_Exercise:_ Copy word for word, please, the lines of the entries below running from the one containing "by rewrite ge_min xz." to the one containing "move=> M_lt1; rewrite", both ends included.

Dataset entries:
************
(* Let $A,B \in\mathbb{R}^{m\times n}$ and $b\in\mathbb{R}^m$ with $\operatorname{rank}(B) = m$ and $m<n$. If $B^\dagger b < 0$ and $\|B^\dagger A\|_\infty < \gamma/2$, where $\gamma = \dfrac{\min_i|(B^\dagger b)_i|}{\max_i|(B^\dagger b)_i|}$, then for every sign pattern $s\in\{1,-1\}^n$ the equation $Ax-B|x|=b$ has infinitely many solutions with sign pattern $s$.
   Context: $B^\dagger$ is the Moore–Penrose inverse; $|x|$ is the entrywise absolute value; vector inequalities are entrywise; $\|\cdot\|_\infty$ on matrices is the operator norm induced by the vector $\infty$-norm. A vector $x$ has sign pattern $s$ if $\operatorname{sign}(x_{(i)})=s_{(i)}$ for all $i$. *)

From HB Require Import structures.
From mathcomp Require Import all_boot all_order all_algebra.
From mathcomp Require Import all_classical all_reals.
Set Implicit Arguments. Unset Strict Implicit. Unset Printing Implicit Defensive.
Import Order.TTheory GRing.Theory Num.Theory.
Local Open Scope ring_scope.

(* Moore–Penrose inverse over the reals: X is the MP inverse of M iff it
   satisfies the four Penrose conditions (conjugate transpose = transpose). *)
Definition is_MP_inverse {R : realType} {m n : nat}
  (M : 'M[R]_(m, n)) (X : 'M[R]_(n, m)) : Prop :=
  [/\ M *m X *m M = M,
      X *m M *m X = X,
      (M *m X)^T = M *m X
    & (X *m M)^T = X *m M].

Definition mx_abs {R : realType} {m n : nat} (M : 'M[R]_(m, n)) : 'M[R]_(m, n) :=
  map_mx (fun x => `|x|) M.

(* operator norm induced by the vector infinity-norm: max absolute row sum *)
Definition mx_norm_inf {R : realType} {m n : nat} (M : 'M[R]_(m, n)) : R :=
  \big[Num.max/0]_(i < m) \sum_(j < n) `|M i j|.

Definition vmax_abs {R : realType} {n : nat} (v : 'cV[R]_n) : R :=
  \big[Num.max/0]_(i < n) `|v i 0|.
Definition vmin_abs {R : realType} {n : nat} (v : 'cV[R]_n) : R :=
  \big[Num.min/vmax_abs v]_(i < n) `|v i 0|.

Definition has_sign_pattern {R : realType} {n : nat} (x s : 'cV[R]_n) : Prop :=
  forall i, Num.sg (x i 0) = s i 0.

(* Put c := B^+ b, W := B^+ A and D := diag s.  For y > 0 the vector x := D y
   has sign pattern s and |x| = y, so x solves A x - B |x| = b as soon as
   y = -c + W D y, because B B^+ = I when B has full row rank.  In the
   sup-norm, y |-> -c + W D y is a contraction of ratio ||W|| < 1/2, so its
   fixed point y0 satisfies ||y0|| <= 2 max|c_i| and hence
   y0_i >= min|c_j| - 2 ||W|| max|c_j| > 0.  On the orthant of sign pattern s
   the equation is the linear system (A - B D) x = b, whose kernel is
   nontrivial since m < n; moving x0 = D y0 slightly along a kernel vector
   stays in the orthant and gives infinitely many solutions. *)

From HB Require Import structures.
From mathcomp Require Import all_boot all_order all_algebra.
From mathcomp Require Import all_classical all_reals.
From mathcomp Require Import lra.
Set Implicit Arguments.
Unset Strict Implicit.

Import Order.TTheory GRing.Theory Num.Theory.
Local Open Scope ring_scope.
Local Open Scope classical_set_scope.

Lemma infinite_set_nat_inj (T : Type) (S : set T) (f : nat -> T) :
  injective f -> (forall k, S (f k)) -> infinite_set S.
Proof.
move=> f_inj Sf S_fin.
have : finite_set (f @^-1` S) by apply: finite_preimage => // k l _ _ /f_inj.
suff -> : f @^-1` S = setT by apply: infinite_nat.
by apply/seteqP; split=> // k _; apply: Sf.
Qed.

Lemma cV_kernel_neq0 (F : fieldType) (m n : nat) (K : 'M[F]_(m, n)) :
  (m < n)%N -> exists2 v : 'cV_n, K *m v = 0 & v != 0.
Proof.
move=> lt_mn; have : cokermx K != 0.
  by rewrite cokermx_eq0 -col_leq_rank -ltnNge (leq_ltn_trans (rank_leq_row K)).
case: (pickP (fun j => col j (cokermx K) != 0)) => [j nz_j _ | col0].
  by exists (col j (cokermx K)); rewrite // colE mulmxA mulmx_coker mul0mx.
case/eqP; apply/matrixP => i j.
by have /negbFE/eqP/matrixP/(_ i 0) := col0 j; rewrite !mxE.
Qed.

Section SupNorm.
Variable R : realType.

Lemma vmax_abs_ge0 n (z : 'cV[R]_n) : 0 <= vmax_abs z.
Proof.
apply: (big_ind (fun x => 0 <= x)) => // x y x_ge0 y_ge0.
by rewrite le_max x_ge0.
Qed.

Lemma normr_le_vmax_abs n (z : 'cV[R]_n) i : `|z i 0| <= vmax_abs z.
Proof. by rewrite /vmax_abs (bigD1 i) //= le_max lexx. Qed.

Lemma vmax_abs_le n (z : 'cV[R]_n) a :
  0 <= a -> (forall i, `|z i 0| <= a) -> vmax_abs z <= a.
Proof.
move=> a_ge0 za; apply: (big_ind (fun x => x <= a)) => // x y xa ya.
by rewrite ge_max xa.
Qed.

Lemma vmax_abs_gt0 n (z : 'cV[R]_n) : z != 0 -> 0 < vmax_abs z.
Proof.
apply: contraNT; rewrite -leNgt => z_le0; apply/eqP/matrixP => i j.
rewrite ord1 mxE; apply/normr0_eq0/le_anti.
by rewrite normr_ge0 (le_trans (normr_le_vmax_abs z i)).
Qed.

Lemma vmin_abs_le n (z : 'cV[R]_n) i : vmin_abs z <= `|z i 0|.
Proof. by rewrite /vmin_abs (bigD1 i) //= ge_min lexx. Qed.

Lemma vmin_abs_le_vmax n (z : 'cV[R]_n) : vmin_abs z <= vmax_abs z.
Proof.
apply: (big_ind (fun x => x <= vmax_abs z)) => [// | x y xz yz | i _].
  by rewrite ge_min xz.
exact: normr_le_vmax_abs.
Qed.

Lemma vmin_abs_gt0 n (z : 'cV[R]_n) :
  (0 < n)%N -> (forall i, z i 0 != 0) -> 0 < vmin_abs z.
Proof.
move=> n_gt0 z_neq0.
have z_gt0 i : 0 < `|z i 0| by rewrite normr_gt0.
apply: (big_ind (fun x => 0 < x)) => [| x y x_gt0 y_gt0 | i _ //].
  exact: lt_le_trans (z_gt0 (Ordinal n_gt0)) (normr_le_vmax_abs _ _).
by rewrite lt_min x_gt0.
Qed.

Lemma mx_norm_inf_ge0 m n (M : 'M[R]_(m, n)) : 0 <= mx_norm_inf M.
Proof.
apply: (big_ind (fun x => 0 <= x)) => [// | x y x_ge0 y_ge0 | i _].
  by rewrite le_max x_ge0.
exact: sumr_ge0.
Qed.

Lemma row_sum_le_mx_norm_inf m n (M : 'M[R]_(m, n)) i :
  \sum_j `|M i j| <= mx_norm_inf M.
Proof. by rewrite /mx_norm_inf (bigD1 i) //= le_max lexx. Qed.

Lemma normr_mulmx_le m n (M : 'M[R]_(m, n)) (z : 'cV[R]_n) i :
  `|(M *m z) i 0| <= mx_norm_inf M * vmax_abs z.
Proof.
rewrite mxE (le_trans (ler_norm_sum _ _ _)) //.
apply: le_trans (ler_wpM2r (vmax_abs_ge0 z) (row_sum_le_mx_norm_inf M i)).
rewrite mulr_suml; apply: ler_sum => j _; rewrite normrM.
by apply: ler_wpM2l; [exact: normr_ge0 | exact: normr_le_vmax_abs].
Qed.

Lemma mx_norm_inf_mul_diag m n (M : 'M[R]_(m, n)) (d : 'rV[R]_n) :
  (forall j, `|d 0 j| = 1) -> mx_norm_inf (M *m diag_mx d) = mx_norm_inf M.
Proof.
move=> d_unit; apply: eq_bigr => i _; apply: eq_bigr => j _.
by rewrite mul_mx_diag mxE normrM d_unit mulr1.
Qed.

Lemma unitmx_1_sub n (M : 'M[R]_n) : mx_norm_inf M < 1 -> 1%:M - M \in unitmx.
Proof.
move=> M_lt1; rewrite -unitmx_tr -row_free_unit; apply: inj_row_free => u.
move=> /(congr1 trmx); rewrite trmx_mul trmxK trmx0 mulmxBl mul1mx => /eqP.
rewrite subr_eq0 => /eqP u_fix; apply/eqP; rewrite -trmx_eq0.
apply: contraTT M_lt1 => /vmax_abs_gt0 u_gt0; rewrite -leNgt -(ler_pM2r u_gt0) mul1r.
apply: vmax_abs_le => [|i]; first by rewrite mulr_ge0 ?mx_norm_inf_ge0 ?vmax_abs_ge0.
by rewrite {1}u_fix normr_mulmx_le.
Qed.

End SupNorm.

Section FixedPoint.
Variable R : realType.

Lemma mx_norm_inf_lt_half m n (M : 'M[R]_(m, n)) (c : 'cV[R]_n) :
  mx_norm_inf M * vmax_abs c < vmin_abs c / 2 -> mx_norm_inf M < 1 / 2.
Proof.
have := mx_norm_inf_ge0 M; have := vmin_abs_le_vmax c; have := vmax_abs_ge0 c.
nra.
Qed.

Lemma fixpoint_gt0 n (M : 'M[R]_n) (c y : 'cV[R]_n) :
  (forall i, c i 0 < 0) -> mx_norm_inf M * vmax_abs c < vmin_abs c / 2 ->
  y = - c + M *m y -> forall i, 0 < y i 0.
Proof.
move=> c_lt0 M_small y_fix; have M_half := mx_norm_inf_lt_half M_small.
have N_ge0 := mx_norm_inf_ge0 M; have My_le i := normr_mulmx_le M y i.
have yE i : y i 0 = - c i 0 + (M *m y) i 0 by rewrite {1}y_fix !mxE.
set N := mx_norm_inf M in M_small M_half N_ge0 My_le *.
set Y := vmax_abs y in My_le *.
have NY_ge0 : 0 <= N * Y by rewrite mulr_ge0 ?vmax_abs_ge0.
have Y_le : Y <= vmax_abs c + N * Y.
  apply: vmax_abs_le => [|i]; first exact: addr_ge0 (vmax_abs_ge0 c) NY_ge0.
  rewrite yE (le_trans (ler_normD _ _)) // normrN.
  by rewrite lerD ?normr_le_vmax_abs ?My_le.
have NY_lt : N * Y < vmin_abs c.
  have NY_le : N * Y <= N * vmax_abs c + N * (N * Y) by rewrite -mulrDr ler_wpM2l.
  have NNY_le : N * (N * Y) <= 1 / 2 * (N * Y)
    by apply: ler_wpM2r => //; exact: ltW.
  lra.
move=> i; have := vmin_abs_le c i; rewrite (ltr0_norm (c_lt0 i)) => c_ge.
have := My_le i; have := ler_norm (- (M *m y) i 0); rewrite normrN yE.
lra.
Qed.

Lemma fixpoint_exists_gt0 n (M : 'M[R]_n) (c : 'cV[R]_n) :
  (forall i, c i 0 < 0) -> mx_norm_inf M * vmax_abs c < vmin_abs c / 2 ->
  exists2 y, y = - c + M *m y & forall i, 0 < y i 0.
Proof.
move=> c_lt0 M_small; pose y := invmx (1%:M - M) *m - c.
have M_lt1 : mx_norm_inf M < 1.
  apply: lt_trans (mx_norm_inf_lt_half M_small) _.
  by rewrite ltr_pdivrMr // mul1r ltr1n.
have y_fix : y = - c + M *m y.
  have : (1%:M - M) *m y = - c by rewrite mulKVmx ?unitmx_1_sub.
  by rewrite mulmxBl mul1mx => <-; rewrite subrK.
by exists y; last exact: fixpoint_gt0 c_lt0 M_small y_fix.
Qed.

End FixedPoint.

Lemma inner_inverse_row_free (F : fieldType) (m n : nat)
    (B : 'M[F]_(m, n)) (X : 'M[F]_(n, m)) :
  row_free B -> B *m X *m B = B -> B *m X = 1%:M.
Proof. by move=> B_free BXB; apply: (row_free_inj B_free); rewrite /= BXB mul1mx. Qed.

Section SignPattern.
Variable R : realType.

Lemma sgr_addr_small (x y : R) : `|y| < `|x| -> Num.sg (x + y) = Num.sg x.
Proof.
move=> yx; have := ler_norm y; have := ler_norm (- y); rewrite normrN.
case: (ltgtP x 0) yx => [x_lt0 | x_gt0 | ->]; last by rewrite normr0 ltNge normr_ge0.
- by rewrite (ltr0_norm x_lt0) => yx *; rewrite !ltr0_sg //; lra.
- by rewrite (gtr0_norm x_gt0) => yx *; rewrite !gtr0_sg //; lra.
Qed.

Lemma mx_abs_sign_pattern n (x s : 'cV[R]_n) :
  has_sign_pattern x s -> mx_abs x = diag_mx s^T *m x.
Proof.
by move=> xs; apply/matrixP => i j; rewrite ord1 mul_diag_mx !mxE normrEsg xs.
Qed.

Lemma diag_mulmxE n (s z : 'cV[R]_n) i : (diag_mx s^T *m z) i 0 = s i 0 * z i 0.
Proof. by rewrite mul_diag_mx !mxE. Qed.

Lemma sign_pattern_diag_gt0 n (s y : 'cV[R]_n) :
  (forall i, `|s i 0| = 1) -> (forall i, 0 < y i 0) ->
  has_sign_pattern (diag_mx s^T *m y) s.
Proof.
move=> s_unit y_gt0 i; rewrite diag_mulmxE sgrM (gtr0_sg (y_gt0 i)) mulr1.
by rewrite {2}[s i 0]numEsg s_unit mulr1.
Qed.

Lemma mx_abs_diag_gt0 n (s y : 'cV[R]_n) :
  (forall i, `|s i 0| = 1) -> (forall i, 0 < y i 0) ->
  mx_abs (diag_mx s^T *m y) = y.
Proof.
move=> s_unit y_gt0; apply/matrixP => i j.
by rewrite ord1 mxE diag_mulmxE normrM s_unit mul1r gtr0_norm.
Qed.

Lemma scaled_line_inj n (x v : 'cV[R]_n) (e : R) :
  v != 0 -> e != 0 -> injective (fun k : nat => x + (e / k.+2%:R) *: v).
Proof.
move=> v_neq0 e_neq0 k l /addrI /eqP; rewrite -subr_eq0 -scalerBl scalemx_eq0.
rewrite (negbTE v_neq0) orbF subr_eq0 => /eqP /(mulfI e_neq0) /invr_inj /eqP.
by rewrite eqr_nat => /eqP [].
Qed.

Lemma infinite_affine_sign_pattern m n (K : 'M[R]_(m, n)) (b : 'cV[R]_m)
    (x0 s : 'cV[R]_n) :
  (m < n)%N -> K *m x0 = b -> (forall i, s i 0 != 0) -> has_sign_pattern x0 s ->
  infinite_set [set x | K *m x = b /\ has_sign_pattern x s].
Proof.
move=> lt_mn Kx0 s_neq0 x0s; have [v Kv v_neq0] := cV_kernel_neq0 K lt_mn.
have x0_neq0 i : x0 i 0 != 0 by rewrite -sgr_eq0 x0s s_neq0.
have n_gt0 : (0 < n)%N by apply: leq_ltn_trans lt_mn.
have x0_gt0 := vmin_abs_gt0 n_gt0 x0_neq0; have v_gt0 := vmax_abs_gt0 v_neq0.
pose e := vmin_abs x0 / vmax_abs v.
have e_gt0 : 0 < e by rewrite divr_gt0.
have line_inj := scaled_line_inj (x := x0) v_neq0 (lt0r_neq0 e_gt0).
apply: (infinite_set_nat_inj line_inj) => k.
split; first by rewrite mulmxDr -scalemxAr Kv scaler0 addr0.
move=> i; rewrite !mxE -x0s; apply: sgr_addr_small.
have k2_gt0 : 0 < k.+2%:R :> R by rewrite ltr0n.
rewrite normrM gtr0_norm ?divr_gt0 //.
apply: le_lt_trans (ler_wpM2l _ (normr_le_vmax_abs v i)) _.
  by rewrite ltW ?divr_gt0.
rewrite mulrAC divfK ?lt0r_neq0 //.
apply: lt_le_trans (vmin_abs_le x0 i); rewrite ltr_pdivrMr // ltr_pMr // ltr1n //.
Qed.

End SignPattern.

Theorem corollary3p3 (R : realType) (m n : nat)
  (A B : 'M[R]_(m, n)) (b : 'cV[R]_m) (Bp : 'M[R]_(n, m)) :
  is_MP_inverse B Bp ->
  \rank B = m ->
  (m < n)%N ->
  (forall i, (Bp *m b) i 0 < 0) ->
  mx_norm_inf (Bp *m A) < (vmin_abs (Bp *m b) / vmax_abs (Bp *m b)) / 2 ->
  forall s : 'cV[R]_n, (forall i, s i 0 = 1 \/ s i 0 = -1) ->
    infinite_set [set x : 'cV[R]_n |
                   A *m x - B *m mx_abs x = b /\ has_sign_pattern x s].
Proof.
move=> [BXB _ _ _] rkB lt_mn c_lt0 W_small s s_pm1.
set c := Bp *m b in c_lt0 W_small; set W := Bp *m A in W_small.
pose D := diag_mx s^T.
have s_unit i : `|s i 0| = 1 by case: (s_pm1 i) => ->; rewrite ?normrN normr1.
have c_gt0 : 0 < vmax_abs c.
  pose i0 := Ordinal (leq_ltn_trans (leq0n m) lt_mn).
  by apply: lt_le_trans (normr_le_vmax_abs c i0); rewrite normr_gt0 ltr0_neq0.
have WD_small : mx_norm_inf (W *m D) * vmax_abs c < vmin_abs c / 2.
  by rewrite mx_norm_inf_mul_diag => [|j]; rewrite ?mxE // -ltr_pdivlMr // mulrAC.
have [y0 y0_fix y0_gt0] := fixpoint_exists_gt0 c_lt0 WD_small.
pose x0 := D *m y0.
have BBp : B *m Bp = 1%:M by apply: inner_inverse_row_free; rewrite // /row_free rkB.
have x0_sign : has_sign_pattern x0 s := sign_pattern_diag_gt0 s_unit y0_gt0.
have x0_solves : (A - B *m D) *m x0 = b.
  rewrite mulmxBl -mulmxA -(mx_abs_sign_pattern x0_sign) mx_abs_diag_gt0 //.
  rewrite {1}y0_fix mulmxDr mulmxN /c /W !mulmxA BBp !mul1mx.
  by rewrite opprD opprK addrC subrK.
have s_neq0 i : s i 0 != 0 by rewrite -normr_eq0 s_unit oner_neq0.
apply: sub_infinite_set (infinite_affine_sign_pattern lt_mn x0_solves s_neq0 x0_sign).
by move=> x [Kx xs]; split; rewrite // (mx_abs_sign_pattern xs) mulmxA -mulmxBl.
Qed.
************
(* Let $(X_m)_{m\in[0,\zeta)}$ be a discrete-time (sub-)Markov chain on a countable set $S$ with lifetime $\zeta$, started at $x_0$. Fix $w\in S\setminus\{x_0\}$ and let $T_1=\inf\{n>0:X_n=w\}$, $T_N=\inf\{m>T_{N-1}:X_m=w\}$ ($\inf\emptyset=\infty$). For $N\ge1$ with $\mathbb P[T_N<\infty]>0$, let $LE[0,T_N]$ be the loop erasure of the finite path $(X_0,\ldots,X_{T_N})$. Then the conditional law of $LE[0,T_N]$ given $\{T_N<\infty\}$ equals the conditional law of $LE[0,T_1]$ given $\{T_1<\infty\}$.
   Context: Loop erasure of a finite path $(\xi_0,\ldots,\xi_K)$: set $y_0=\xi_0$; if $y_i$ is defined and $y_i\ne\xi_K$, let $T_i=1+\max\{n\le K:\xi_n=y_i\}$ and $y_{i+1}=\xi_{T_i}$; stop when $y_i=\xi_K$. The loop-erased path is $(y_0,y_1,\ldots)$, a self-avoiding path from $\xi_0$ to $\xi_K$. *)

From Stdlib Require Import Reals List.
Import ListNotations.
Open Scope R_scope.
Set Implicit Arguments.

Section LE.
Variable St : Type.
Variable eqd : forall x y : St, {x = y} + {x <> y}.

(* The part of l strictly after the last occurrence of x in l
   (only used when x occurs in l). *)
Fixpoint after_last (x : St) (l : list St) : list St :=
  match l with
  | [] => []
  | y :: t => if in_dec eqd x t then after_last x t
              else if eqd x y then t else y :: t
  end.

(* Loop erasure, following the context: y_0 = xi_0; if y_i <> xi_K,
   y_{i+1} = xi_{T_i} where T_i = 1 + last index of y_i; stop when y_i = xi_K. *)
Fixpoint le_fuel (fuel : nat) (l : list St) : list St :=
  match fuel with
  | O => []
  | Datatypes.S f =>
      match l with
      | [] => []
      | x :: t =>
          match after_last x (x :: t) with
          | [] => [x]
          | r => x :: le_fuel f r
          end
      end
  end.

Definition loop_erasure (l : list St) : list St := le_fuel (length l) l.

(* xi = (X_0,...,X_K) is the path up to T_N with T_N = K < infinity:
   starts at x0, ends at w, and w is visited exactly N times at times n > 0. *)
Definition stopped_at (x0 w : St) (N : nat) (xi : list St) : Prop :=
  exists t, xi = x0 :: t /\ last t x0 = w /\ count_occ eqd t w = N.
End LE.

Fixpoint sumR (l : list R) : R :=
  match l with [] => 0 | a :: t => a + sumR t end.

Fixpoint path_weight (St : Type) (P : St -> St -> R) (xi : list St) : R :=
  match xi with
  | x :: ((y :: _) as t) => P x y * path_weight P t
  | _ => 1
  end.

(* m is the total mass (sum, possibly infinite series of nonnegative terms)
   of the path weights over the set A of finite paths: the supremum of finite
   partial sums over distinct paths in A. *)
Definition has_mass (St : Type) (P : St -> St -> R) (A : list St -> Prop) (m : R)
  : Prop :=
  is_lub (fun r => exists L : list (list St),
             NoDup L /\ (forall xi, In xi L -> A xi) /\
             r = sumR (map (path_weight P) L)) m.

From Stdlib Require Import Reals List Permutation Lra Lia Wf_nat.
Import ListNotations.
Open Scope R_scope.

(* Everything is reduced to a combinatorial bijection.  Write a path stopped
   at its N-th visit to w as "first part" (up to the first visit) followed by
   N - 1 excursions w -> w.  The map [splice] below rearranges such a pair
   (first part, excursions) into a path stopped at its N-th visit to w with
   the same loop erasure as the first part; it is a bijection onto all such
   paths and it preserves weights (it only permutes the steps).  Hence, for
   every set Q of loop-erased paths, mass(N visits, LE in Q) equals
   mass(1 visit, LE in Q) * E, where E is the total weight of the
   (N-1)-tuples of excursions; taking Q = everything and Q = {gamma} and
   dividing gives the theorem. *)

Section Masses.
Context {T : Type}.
************
_Answer for the task:_
  by rewrite ge_min xz.
exact: normr_le_vmax_abs.
Qed.

Lemma vmin_abs_gt0 n (z : 'cV[R]_n) :
  (0 < n)%N -> (forall i, z i 0 != 0) -> 0 < vmin_abs z.
Proof.
move=> n_gt0 z_neq0.
have z_gt0 i : 0 < `|z i 0| by rewrite normr_gt0.
apply: (big_ind (fun x => 0 < x)) => [| x y x_gt0 y_gt0 | i _ //].
  exact: lt_le_trans (z_gt0 (Ordinal n_gt0)) (normr_le_vmax_abs _ _).
by rewrite lt_min x_gt0.
Qed.

Lemma mx_norm_inf_ge0 m n (M : 'M[R]_(m, n)) : 0 <= mx_norm_inf M.
Proof.
apply: (big_ind (fun x => 0 <= x)) => [// | x y x_ge0 y_ge0 | i _].
  by rewrite le_max x_ge0.
exact: sumr_ge0.
Qed.

Lemma row_sum_le_mx_norm_inf m n (M : 'M[R]_(m, n)) i :
  \sum_j `|M i j| <= mx_norm_inf M.
Proof. by rewrite /mx_norm_inf (bigD1 i) //= le_max lexx. Qed.

Lemma normr_mulmx_le m n (M : 'M[R]_(m, n)) (z : 'cV[R]_n) i :
  `|(M *m z) i 0| <= mx_norm_inf M * vmax_abs z.
Proof.
rewrite mxE (le_trans (ler_norm_sum _ _ _)) //.
apply: le_trans (ler_wpM2r (vmax_abs_ge0 z) (row_sum_le_mx_norm_inf M i)).
rewrite mulr_suml; apply: ler_sum => j _; rewrite normrM.
by apply: ler_wpM2l; [exact: normr_ge0 | exact: normr_le_vmax_abs].
Qed.

Lemma mx_norm_inf_mul_diag m n (M : 'M[R]_(m, n)) (d : 'rV[R]_n) :
  (forall j, `|d 0 j| = 1) -> mx_norm_inf (M *m diag_mx d) = mx_norm_inf M.
Proof.
move=> d_unit; apply: eq_bigr => i _; apply: eq_bigr => j _.
by rewrite mul_mx_diag mxE normrM d_unit mulr1.
Qed.

Lemma unitmx_1_sub n (M : 'M[R]_n) : mx_norm_inf M < 1 -> 1%:M - M \in unitmx.
Proof.
move=> M_lt1; rewrite -unitmx_tr -row_free_unit; apply: inj_row_free => u.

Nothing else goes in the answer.